▶
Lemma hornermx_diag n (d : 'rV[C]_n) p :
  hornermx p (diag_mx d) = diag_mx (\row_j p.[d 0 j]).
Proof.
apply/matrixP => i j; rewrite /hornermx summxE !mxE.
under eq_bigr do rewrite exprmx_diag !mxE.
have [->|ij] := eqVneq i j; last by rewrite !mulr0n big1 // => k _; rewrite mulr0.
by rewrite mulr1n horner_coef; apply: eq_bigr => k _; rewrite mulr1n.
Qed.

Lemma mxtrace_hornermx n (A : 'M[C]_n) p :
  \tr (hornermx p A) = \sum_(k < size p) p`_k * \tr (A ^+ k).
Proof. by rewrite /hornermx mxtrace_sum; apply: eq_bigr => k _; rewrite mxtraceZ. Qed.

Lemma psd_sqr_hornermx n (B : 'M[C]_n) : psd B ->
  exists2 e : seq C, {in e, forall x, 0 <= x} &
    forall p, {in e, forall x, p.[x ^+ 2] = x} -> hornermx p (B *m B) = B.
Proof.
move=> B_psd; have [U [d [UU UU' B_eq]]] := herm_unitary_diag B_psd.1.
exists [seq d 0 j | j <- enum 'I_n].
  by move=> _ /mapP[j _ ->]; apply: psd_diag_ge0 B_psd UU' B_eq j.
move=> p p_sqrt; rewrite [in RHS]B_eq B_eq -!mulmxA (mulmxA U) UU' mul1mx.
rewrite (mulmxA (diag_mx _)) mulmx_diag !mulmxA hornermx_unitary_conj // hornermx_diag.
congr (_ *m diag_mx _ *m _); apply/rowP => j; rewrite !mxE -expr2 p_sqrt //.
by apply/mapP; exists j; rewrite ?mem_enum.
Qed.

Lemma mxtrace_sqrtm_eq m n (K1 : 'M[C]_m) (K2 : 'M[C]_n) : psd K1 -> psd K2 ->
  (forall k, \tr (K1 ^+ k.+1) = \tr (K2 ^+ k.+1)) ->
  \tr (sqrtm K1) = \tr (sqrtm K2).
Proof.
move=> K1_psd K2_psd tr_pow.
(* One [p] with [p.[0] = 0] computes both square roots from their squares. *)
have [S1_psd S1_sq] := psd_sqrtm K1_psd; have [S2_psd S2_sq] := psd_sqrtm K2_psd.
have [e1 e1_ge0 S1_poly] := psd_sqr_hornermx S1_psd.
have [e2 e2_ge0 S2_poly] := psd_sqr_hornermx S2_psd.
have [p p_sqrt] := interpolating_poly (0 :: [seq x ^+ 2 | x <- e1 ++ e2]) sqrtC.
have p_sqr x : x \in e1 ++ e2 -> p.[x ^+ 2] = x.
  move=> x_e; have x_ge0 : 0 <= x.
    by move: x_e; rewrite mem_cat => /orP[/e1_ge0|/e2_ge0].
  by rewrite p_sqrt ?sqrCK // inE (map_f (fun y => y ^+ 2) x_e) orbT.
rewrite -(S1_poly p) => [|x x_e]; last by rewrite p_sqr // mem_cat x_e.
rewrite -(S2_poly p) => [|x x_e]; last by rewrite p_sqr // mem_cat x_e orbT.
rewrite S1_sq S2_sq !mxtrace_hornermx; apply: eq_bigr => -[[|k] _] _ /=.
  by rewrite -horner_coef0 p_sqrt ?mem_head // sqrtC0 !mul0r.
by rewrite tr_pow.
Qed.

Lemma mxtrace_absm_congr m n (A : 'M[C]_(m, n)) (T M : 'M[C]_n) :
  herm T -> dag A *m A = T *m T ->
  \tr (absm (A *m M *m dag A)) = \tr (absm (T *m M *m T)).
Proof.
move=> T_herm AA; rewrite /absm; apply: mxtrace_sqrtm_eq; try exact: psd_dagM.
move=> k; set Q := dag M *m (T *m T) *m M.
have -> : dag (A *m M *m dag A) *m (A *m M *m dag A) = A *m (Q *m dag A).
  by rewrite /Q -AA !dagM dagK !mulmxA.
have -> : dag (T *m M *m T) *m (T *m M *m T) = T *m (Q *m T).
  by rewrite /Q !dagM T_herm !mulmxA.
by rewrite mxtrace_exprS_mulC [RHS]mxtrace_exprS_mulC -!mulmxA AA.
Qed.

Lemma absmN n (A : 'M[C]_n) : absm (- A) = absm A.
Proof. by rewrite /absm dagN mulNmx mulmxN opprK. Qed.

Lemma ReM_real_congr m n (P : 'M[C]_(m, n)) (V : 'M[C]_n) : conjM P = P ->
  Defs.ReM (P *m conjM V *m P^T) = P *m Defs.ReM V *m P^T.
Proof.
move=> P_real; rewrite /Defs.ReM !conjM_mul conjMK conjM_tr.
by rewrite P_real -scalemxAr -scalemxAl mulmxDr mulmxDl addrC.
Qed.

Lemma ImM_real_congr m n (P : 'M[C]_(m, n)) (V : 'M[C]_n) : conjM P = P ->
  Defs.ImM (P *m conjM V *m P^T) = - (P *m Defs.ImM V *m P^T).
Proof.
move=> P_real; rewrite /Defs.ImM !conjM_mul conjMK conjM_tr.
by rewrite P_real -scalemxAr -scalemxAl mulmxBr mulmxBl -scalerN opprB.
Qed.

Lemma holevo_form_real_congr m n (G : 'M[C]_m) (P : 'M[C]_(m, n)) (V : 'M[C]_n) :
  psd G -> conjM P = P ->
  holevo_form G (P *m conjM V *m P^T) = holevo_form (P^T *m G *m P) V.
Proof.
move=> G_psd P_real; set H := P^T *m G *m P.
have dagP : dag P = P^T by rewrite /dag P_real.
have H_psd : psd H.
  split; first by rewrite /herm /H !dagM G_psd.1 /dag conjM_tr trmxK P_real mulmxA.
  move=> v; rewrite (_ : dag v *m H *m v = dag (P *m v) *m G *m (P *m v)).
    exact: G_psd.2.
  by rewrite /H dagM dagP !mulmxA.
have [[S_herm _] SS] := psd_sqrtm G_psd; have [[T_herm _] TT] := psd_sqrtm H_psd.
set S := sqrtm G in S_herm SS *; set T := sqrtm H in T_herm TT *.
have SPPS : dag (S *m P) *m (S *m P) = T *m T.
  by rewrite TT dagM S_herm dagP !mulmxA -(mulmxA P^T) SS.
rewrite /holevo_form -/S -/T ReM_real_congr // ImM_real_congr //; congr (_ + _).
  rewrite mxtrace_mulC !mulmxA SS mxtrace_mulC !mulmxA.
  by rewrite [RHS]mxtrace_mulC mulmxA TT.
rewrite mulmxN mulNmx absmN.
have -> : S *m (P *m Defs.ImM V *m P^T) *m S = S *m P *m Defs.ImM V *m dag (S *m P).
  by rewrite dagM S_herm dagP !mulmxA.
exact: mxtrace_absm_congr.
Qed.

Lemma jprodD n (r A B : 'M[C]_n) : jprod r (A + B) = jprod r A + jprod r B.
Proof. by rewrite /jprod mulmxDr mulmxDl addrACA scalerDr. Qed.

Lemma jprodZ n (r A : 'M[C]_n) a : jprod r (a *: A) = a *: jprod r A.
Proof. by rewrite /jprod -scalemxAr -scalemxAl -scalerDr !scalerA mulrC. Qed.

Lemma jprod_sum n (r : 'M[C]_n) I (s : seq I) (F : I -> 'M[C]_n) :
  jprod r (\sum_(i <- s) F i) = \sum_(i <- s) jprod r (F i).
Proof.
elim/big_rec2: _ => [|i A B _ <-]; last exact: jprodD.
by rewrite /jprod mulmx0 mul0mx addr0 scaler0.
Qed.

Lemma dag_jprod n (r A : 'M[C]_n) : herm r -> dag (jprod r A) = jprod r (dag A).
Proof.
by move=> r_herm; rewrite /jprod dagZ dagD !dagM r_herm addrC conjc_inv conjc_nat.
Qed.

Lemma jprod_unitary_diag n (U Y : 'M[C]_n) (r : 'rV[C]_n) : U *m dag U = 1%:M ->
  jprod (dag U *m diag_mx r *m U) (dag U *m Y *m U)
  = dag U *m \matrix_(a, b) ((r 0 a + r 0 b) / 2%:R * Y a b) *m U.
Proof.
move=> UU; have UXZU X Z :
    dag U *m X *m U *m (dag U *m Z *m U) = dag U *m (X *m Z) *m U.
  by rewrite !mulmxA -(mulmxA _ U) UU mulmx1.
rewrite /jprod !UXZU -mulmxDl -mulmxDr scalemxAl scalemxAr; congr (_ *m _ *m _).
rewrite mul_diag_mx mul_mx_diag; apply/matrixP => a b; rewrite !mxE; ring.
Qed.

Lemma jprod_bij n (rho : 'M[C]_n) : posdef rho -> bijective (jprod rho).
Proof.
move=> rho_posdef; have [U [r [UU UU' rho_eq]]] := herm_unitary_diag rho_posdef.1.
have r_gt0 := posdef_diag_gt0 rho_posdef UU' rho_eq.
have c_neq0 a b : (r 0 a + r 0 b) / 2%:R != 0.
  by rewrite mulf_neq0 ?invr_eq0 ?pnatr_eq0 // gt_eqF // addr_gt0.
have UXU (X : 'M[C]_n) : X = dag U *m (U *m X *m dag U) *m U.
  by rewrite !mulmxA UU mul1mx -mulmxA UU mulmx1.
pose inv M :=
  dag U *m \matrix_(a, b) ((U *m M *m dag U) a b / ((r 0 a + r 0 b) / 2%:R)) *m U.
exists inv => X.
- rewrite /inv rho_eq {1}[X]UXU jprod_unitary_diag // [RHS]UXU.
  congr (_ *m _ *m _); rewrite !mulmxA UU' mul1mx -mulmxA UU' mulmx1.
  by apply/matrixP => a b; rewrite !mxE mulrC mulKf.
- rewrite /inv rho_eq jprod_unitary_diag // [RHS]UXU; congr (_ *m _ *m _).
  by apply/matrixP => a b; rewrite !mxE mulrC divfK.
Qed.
◀
§ **DIRECTIONS FOR THIS TASK**
Would you restate exactly the lines of the material above, from its opening line through the line with "by rewrite p_sqrt", and output only those?

§ **TASK RESPONSE**
Lemma hornermx_diag n (d : 'rV[C]_n) p :
  hornermx p (diag_mx d) = diag_mx (\row_j p.[d 0 j]).
Proof.
apply/matrixP => i j; rewrite /hornermx summxE !mxE.
under eq_bigr do rewrite exprmx_diag !mxE.
have [->|ij] := eqVneq i j; last by rewrite !mulr0n big1 // => k _; rewrite mulr0.
by rewrite mulr1n horner_coef; apply: eq_bigr => k _; rewrite mulr1n.
Qed.

Lemma mxtrace_hornermx n (A : 'M[C]_n) p :
  \tr (hornermx p A) = \sum_(k < size p) p`_k * \tr (A ^+ k).
Proof. by rewrite /hornermx mxtrace_sum; apply: eq_bigr => k _; rewrite mxtraceZ. Qed.

Lemma psd_sqr_hornermx n (B : 'M[C]_n) : psd B ->
  exists2 e : seq C, {in e, forall x, 0 <= x} &
    forall p, {in e, forall x, p.[x ^+ 2] = x} -> hornermx p (B *m B) = B.
Proof.
move=> B_psd; have [U [d [UU UU' B_eq]]] := herm_unitary_diag B_psd.1.
exists [seq d 0 j | j <- enum 'I_n].
  by move=> _ /mapP[j _ ->]; apply: psd_diag_ge0 B_psd UU' B_eq j.
move=> p p_sqrt; rewrite [in RHS]B_eq B_eq -!mulmxA (mulmxA U) UU' mul1mx.
rewrite (mulmxA (diag_mx _)) mulmx_diag !mulmxA hornermx_unitary_conj // hornermx_diag.
congr (_ *m diag_mx _ *m _); apply/rowP => j; rewrite !mxE -expr2 p_sqrt //.
by apply/mapP; exists j; rewrite ?mem_enum.
Qed.

Lemma mxtrace_sqrtm_eq m n (K1 : 'M[C]_m) (K2 : 'M[C]_n) : psd K1 -> psd K2 ->
  (forall k, \tr (K1 ^+ k.+1) = \tr (K2 ^+ k.+1)) ->
  \tr (sqrtm K1) = \tr (sqrtm K2).
Proof.
move=> K1_psd K2_psd tr_pow.
(* One [p] with [p.[0] = 0] computes both square roots from their squares. *)
have [S1_psd S1_sq] := psd_sqrtm K1_psd; have [S2_psd S2_sq] := psd_sqrtm K2_psd.
have [e1 e1_ge0 S1_poly] := psd_sqr_hornermx S1_psd.
have [e2 e2_ge0 S2_poly] := psd_sqr_hornermx S2_psd.
have [p p_sqrt] := interpolating_poly (0 :: [seq x ^+ 2 | x <- e1 ++ e2]) sqrtC.
have p_sqr x : x \in e1 ++ e2 -> p.[x ^+ 2] = x.
  move=> x_e; have x_ge0 : 0 <= x.
    by move: x_e; rewrite mem_cat => /orP[/e1_ge0|/e2_ge0].
  by rewrite p_sqrt ?sqrCK // inE (map_f (fun y => y ^+ 2) x_e) orbT.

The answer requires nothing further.